Pharmazie. 2008 Oct;63(10):760-4.
The M13 phage display system is a powerful technology for engineering proteins such as functional mutant proteins and peptides. In this system, it is necessary that the protein is displayed on the phage surface. Therefore, its application is often limited when a protein is poorly displayed. In this study, we attempted to understand the relationship between a protein's properties and its display efficiency using the well-known pIII and pVIII type phage display system. The display of positively charged SV40 NLS and HIV-1 Tat peptides on pill was less efficient than that of the neutrally charged RGDS peptide. When different molecular weight proteins (1.5-58 kDa) were displayed on pIII and pVIII, their display efficiencies were directly influenced by their molecular weights. These results indicate the usefulness in predicting a desired protein's compatibility with protein and peptide engineering using the phage display system.
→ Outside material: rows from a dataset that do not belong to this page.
Lemma measurable_n t : 0 <= t -> measurable_fun halfline (n ^~ t).
Proof.
move=> t0; apply: (eq_measurable_fun (fun x => n0 x * expR (g x * t))).
  by move=> x; rewrite inE /= in_itv /= andbT => x0; rewrite n_expR.
apply: measurable_realfun.measurable_funM => //.
apply: measurableT_comp; first exact: measurable_realfun.measurable_expR.
exact: measurable_realfun.measurable_funM.
Qed.

Lemma integrable_n t : 0 <= t -> mu.-integrable halfline (EFin \o n ^~ t).
Proof.
move=> t0.
apply: (le_integrable _ _ _ (integrableZl _ (expR (B * t)) n0_integrable)).
- exact: measurable_itv.
- by apply/measurable_realfun.measurable_EFinP; exact: measurable_n.
- move=> x /=; rewrite in_itv /= andbT => x0.
  rewrite lee_fin !ger0_norm ?n_ge0 ?mulr_ge0 ?expR_ge0 ?n0_ge0 //.
  by rewrite n_expR // mulrC ler_wpM2r ?n0_ge0 // ler_expR ler_wpM2r // g_ub.
- exact: measurable_itv.
Qed.

Lemma rhoC_ge_expR a : 0 < a -> (forall x, 0 < x <= a -> 0 < n0 x) ->
  exists2 c, 0 < c & forall t, 0 <= t -> c * expR (g a * t) <= rhoC n t.
Proof.
move=> a0 n0_pos.
have sub_a : `]0%R, a] `<=` halfline.
  by move=> x /=; rewrite !in_itv /= andbT => /andP[/ltW].
have n0_integrable_a : mu.-integrable `]0%R, a] (EFin \o n0).
  by apply: integrableS n0_integrable => //; exact: measurable_itv.
have n0_measurable_a := measurable_funS (measurable_itv _) sub_a n0_measurable.
have mu_a : (0 < mu `]0%R, a])%E.
  by rewrite lebesgue_measure_itv /= lte_fin a0 /= sube0 lte_fin.
have n0_int_a_gt0 : (0 < \int[mu]_(x in `]0%R, a]) (n0 x)%:E)%E.
  by apply: integral_gt0.
have n0_int_a_fin : (\int[mu]_(x in `]0%R, a]) (n0 x)%:E)%E \is a fin_num.
  exact: integrable_fin_num _ n0_integrable_a.
exists (fine (\int[mu]_(x in `]0%R, a]) (n0 x)%:E)).
  by apply: fine_gt0; rewrite n0_int_a_gt0 -ge0_fin_numE ?n0_int_a_fin ?ltW.
move=> t t0; rewrite /rhoC /Rintegral -lee_fin EFinM fineK // fineK; last first.
  exact: integrable_fin_num _ (integrable_n t0).
rewrite muleC -ge0_integralZl //; first last.
- by move=> x /=; rewrite in_itv /= => /andP[x0 _]; rewrite lee_fin n0_ge0 // ltW.
- by apply/measurable_realfun.measurable_EFinP.
have int_a_le : (\int[mu]_(x in `]0%R, a]) (n x t)%:E
                  <= \int[mu]_(x in halfline) (n x t)%:E)%E.
  apply: ge0_subset_integral => //; try exact: measurable_itv.
  - by apply/measurable_realfun.measurable_EFinP; exact: measurable_n.
  - by move=> x /=; rewrite in_itv /= andbT => x0; rewrite lee_fin n_ge0.
apply: le_trans int_a_le.
apply: ge0_le_integral; try exact: measurable_itv.
- move=> x /=; rewrite in_itv /= => /andP[x0 _].
  by rewrite lee_fin mulr_ge0 ?expR_ge0 ?n0_ge0 // ltW.
- apply/measurable_realfun.measurable_EFinP.
  exact: measurable_realfun.measurable_funM.
- apply/measurable_realfun.measurable_EFinP.
  exact: measurable_funS _ sub_a (measurable_n t0).
- move=> x /=; rewrite in_itv /= => /andP[x0 xa].
  have x_ge0 := ltW x0.
  rewrite -EFinM lee_fin n_expR // [n0 x * _]mulrC ler_wpM2r ?n0_ge0 //.
  rewrite ler_expR ler_wpM2r //.
  by move: xa; rewrite le_eqVlt => /predU1P[-> //|/(g_decr x0)/ltW].
Qed.

Lemma integrable_bounded_mul_n (phi : R -> R) (M t : R) :
  0 <= t -> measurable_fun halfline phi ->
  (forall x, 0 <= x -> `|phi x| <= M) ->
  mu.-integrable halfline (EFin \o (fun x => phi x * n x t)).
Proof.
move=> t0 mphi phiM.
apply: le_integrable (integrableZl _ M (integrable_n t0)).
- exact: measurable_itv.
- apply/measurable_realfun.measurable_EFinP.
  exact: measurable_realfun.measurable_funM mphi (measurable_n t0).
- move=> x /=; rewrite in_itv /= andbT => x0.
  have M0 : 0 <= M := le_trans (normr_ge0 _) (phiM x x0).
  rewrite lee_fin normrM [`|M * _|]normrM (ger0_norm M0) ler_wpM2r //.
  exact: phiM.
- exact: measurable_itv.
Qed.

Lemma moment_sub_rhoC_le (phi : R -> R) (M e del t : R) : 0 <= t -> 0 < del ->
  measurable_fun halfline phi -> (forall x, 0 <= x -> `|phi x| <= M) ->
  (forall x, 0 <= x < del -> `|phi 0 - phi x| <= e) ->
  `|\int[mu]_(x in halfline) (phi x * n x t) - phi 0 * rhoC n t|
    <= e * rhoC n t + 2 * M * expR (g del * t) * \int[mu]_(x in halfline) n0 x.
Proof.
move=> t0 del0 mphi phiM phi_near.
have e0 : 0 <= e by apply: le_trans (phi_near 0 _); rewrite ?lexx.
have int_n := integrable_n t0.
have int_Zn k : mu.-integrable halfline (EFin \o (fun x => k * n x t)).
  by apply: (integrableZl _ k int_n); exact: measurable_itv.
have int_Zn0 k : mu.-integrable halfline (EFin \o (fun x => k * n0 x)).
  by apply: (integrableZl _ k n0_integrable); exact: measurable_itv.
have int_phin := integrable_bounded_mul_n t0 mphi phiM.
have int_dev : mu.-integrable halfline
    (EFin \o (fun x => phi x * n x t - phi 0 * n x t)).
  by apply: integrableB int_phin (int_Zn _); exact: measurable_itv.
have int_bound : mu.-integrable halfline
    (EFin \o (fun x => e * n x t + 2 * M * expR (g del * t) * n0 x)).
  by apply: integrableD (int_Zn _) (int_Zn0 _); exact: measurable_itv.
rewrite /rhoC -!RintegralZl // -RintegralB // -RintegralD //.
apply: le_trans; first by apply: le_normr_Rintegral int_dev; exact: measurable_itv.
apply: le_Rintegral (integrable_norm int_dev) int_bound _; first exact: measurable_itv.
move=> x /=; rewrite in_itv /= andbT => x0.
have M0 : 0 <= M := le_trans (normr_ge0 _) (phiM 0 (lexx 0)).
have nx0 := n_ge0 x0 t0.
rewrite -mulrBl normrM (ger0_norm nx0).
have [xdel|delx] := ltP x del.
- rewrite -[leLHS]addr0; apply: lerD; last by rewrite !mulr_ge0 ?expR_ge0 ?n0_ge0.
  by rewrite ler_wpM2r // distrC phi_near // x0.
- rewrite -[leLHS]add0r; apply: lerD; first by rewrite mulr_ge0.
  rewrite n_expR // [n0 x * _]mulrC mulrA ler_wpM2r ?n0_ge0 //.
  apply: ler_pM; rewrite ?normr_ge0 ?expR_ge0 //.
    apply: le_trans (ler_normB _ _) _.
    by rewrite mulr2n mulrDl mul1r lerD ?phiM.
  rewrite ler_expR ler_wpM2r //.
  by move: delx; rewrite le_eqVlt => /predU1P[-> //|/(g_decr del0)/ltW].
Qed.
M13噬菌体展示系统是用于改造蛋白质(如功能性突变蛋白和肽)的一项强大技术。在该系统中,蛋白质必须展示在噬菌体表面。因此,当一种蛋白质展示效果不佳时,其应用往往会受到限制。在本研究中,我们试图利用著名的pIII和pVIII型噬菌体展示系统来了解蛋白质性质与其展示效率之间的关系。带正电荷的SV40核定位信号(NLS)和HIV-1反式激活因子(Tat)肽在pIII上的展示效率低于带中性电荷的RGDS肽。当不同分子量的蛋白质(1.5 - 58 kDa)展示在pIII和pVIII上时,它们的展示效率直接受到分子量的影响。这些结果表明,利用噬菌体展示系统预测所需蛋白质与蛋白质及肽工程的兼容性具有实用性。